» Instructions to follow: Return only the lines of the listing below that run from the line with "from u to v" through the line with "Definition mincut (N", both ends included, exactly as written.
Segment Open
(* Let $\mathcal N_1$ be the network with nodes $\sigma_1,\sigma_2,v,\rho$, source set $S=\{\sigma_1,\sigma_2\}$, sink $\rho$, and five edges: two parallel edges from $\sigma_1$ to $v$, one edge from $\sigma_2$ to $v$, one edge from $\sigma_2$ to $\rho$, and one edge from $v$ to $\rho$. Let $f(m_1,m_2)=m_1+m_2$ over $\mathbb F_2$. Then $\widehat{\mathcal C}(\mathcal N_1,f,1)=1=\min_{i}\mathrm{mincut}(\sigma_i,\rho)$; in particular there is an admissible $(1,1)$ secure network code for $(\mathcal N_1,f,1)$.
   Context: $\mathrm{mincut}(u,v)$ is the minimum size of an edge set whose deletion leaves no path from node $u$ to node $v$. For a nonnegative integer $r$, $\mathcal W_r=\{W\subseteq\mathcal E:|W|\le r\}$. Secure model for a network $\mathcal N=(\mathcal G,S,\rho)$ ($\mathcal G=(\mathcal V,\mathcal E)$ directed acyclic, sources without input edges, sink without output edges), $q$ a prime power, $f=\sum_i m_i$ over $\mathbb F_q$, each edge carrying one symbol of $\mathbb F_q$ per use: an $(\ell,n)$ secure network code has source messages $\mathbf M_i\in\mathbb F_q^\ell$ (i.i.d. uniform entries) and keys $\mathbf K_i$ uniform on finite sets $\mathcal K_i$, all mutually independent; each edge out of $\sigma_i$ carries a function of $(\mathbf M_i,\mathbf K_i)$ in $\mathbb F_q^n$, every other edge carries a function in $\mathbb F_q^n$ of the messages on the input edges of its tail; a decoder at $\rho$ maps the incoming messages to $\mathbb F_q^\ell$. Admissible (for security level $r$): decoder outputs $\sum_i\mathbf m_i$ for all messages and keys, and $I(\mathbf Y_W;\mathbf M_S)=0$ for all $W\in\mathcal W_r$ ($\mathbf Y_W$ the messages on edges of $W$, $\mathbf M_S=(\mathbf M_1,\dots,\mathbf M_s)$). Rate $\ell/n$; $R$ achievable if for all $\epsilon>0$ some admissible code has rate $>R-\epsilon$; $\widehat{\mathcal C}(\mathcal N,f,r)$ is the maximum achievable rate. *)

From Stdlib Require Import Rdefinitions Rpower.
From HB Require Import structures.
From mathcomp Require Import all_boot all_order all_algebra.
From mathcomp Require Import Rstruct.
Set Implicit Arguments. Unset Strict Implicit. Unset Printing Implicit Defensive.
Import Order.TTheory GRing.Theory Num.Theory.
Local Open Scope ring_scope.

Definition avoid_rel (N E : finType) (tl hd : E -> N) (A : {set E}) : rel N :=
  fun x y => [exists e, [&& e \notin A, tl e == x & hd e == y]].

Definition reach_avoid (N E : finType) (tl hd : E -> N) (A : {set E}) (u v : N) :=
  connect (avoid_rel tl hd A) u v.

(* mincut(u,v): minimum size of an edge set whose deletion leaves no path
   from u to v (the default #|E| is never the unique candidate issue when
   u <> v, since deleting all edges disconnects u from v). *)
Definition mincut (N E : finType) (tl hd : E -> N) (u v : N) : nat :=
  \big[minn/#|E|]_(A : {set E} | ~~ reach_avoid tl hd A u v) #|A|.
Segment Closed
» Solution to this task:
   from u to v (the default #|E| is never the unique candidate issue when
   u <> v, since deleting all edges disconnects u from v). *)
Definition mincut (N E : finType) (tl hd : E -> N) (u v : N) : nat :=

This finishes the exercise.